Honduras has been hit hardest, but Nicaragua and El Salvador also have been severely affected. This week, the government of Honduras declared a national food emergency in much of the country, saying thousands of small farmers have lost their crops for lack of rain. After a tour of the Honduran countryside this week, officials of the aid organization said that as many as 185,000 people there were at risk of malnutrition.
"The problem is now beginning to be hunger; in some places, people are eating only one meal a day," said Rosa Antolin, WFP's deputy regional director for Latin America, reached today by telephone in Managua, Nicaragua.
In Nicaragua, the government has reported losing more than half the staple food crop of maize this year.
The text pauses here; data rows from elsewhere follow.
(* Replace [F] by the bounded Darboux function [phi = atan o F].  Either [phi] oscillates
   densely on some interval (every subinterval contains values below [w1] and above [w2]),
   or every interval contains subintervals on which [phi] oscillates as little as we like.
   In both cases we build a Cantor set [C] by repeatedly splitting intervals into two
   shorter ones separated by a gap, and take for [g] a multiple of the Cantor function of
   [C]: it is continuous, nonconstant and constant on every gap, so [F + g] has the
   intermediate value property on the gaps.
   - In the calm case the pieces have small [phi]-oscillation, so [F + g] is continuous
     on [C], and a connectedness argument gives the intermediate value property.
   - In the oscillating case each gap contains points where [phi] is almost minimal and
     almost maximal on the parent interval.  So every point [x] of [C] is either isolated
     in [C] from one side or approached from that side by gap points where [F + g] is not
     much above, resp. not much below, its value at [x]; and on every gap near [C] the
     function [F + g] goes below [tan w1 + theta] and above [tan w2].  Together with the
     intermediate value property on the gaps, this reaches every intermediate value. *)

Lemma half_pow_pos (n : nat) : 0 < (/ 2) ^ n.
Proof. apply pow_lt; lra. Qed.

Lemma half_pow_le (n m : nat) : (n <= m)%nat -> (/ 2) ^ m <= (/ 2) ^ n.
Proof.
  induction 1 as [|m _ IH]; [lra|].
  assert (Hm := half_pow_pos m); simpl; lra.
Qed.

Lemma half_pow_small (c e : R) : 0 < e -> exists n, c * (/ 2) ^ n < e.
Proof.
  intros He; destruct (Rle_lt_dec c 0) as [Hc|Hc].
  - exists O; simpl; lra.
  - assert (Hec : 0 < e / c) by (apply Rdiv_lt_0_compat; lra).
    destruct (pow_lt_1_zero (/ 2) ltac:(rewrite Rabs_pos_eq; lra) _ Hec) as [n Hn].
    exists n; specialize (Hn n (le_n n)).
    rewrite Rabs_pos_eq in Hn by (apply pow_le; lra).
    apply (Rmult_lt_compat_l c) in Hn; [|lra].
    replace (c * (e / c)) with e in Hn by (field; lra); lra.
Qed.

Lemma le_of_le_half_pow (a b c : R) :
  (forall k, a <= b + c * (/ 2) ^ k) -> a <= b.
Proof.
  intros H; apply Rnot_lt_le; intros Hba.
  destruct (half_pow_small c (a - b)) as [k Hk]; [lra|].
  specialize (H k); lra.
Qed.

Lemma continuity_pt_intro (f : R -> R) (x : R) :
  (forall e, 0 < e -> exists d, 0 < d /\
     forall z, x - d < z < x + d -> f x - e < f z < f x + e) ->
  continuity_pt f x.
Proof.
  intros H e He; destruct (H e He) as [d [Hd Hz]].
  exists d; split; [lra|]; intros z [_ Hzx]; simpl in *; unfold R_dist in *.
  apply Rabs_def2 in Hzx; specialize (Hz z ltac:(lra)); apply Rabs_def1; lra.
Qed.

Lemma continuity_pt_elim (f : R -> R) (x : R) : continuity_pt f x ->
  forall e, 0 < e -> exists d, 0 < d /\
     forall z, x - d < z < x + d -> f x - e < f z < f x + e.
Proof.
  intros Hf e He; destruct (Hf e He) as [d [Hd Hz]].
  exists d; split; [lra|]; intros z Hzx.
  destruct (Req_dec z x) as [->|Hne]; [lra|].
  assert (Hd' : Rabs (f z - f x) < e).
  { apply (Hz z); split; [split; [exact I|congruence]|].
    simpl; unfold R_dist; apply Rabs_def1; lra. }
  apply Rabs_def2 in Hd'; lra.
Qed.

Definition ivp (f : R -> R) : Prop :=
  forall a b y, a < b -> (f a < y < f b \/ f b < y < f a) ->
    exists x, a <= x <= b /\ f x = y.

Lemma Darboux_ivp (f : R -> R) : Darboux f -> ivp f.
Proof.
  intros Hf a b y Hab Hy.
  assert (Hab' : is_interval (fun x => a <= x <= b)) by (intros x1 x2 x3; lra).
  assert (Ha : image f (fun x => a <= x <= b) (f a)) by (exists a; split; [lra|easy]).
  assert (Hb : image f (fun x => a <= x <= b) (f b)) by (exists b; split; [lra|easy]).
  destruct Hy as [Hy|Hy].
  - exact (Hf _ Hab' _ _ y Ha Hb ltac:(lra)).
  - exact (Hf _ Hab' _ _ y Hb Ha ltac:(lra)).
Qed.

Lemma ivp_Darboux (f : R -> R) : ivp f -> Darboux f.
Proof.
  intros Hf I HI y1 y2 y [x1 [Hx1 <-]] [x2 [Hx2 <-]] Hy.
  destruct (Req_dec y (f x1)) as [->|Hy1]; [exists x1; easy|].
  destruct (Req_dec y (f x2)) as [->|Hy2]; [exists x2; easy|].
  destruct (Rtotal_order x1 x2) as [Hlt|[->|Hlt]]; [| lra |].
  - destruct (Hf x1 x2 y Hlt ltac:(lra)) as [x [Hx Hfx]].
    exists x; split; [exact (HI x1 x2 x Hx1 Hx2 Hx)|easy].
  - destruct (Hf x2 x1 y Hlt ltac:(lra)) as [x [Hx Hfx]].
    exists x; split; [exact (HI x2 x1 x Hx2 Hx1 Hx)|easy].
Qed.

Lemma ivp_opp (f : R -> R) : ivp f -> ivp (fun x => - f x).
Proof.
  intros Hf a b y Hab Hy.
  destruct (Hf a b (- y) Hab ltac:(lra)) as [x [Hx Hfx]].
  exists x; split; [easy|lra].
Qed.

Lemma atan_le (x y : R) : x <= y -> atan x <= atan y.
Proof.
  intros [Hlt| ->]; [apply Rlt_le, atan_increasing, Hlt|lra].
Qed.

Lemma atan_lt_reflect (x y : R) : atan x < atan y -> x < y.
Proof. intros H; apply Rnot_le_lt; intros Hyx; apply atan_le in Hyx; lra. Qed.

Lemma ivp_atan (f : R -> R) : ivp f -> ivp (fun x => atan (f x)).
Proof.
  intros Hf a b y Hab Hy.
  assert (Hya := atan_bound (f a)); assert (Hyb := atan_bound (f b)).
  assert (Hty : atan (tan y) = y) by (apply atan_tan; lra).
  destruct (Hf a b (tan y) Hab) as [x [Hx Hfx]].
  - rewrite <- Hty in Hy.
    destruct Hy as [[H1 H2]|[H1 H2]]; apply atan_lt_reflect in H1, H2; lra.
  - exists x; split; [easy|now rewrite Hfx].
Qed.

Lemma atan_reflects_near (y e : R) : 0 < e ->
  exists tau, 0 < tau /\ forall a,
    (atan y - tau < atan a -> y - e < a) /\ (atan a < atan y + tau -> a < y + e).
Proof.
  intros He.
  assert (H1 := atan_increasing (y - e) y ltac:(lra)).
  assert (H2 := atan_increasing y (y + e) ltac:(lra)).
  exists (Rmin (atan y - atan (y - e)) (atan (y + e) - atan y)); split; [apply Rmin_pos; lra|].
  assert (H3 := Rmin_l (atan y - atan (y - e)) (atan (y + e) - atan y)).
  assert (H4 := Rmin_r (atan y - atan (y - e)) (atan (y + e) - atan y)).
  intros a; split; intros Ha; apply atan_lt_reflect; lra.
Qed.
This loss, on top of a poor crop last year, has forced many families to cut back on meals, and in some cases abandon parched fields to move to urban areas. "Some farmers in the dry parts lost everything," Antolin said.
At the same time that much of Nicaragua is suffering from lack of rain, an area along the Mosquito Coast on the Caribbean Sea has been inundated with rain and floods in recent weeks. There, as many as 8,000 people -- mostly rural indigenous people in scattered villages -- suffered near-total crop loss, according to a WFP official who toured the area.
"These people, already living in abject poverty, are currently eating a fruit . . . [called ojon] which is normally fed to pigs and which provokes diarrhea and vomiting when consumed by humans," according to the WFP report issued this week.
In El Salvador, already devastated by two earthquakes this year, the lack of rain is affecting the eastern and northwestern parts, and the government is considering declaring a state of emergency in those areas. Several international aid groups, including some backed by the U.S. government, said they are discussing relief strategies for the region.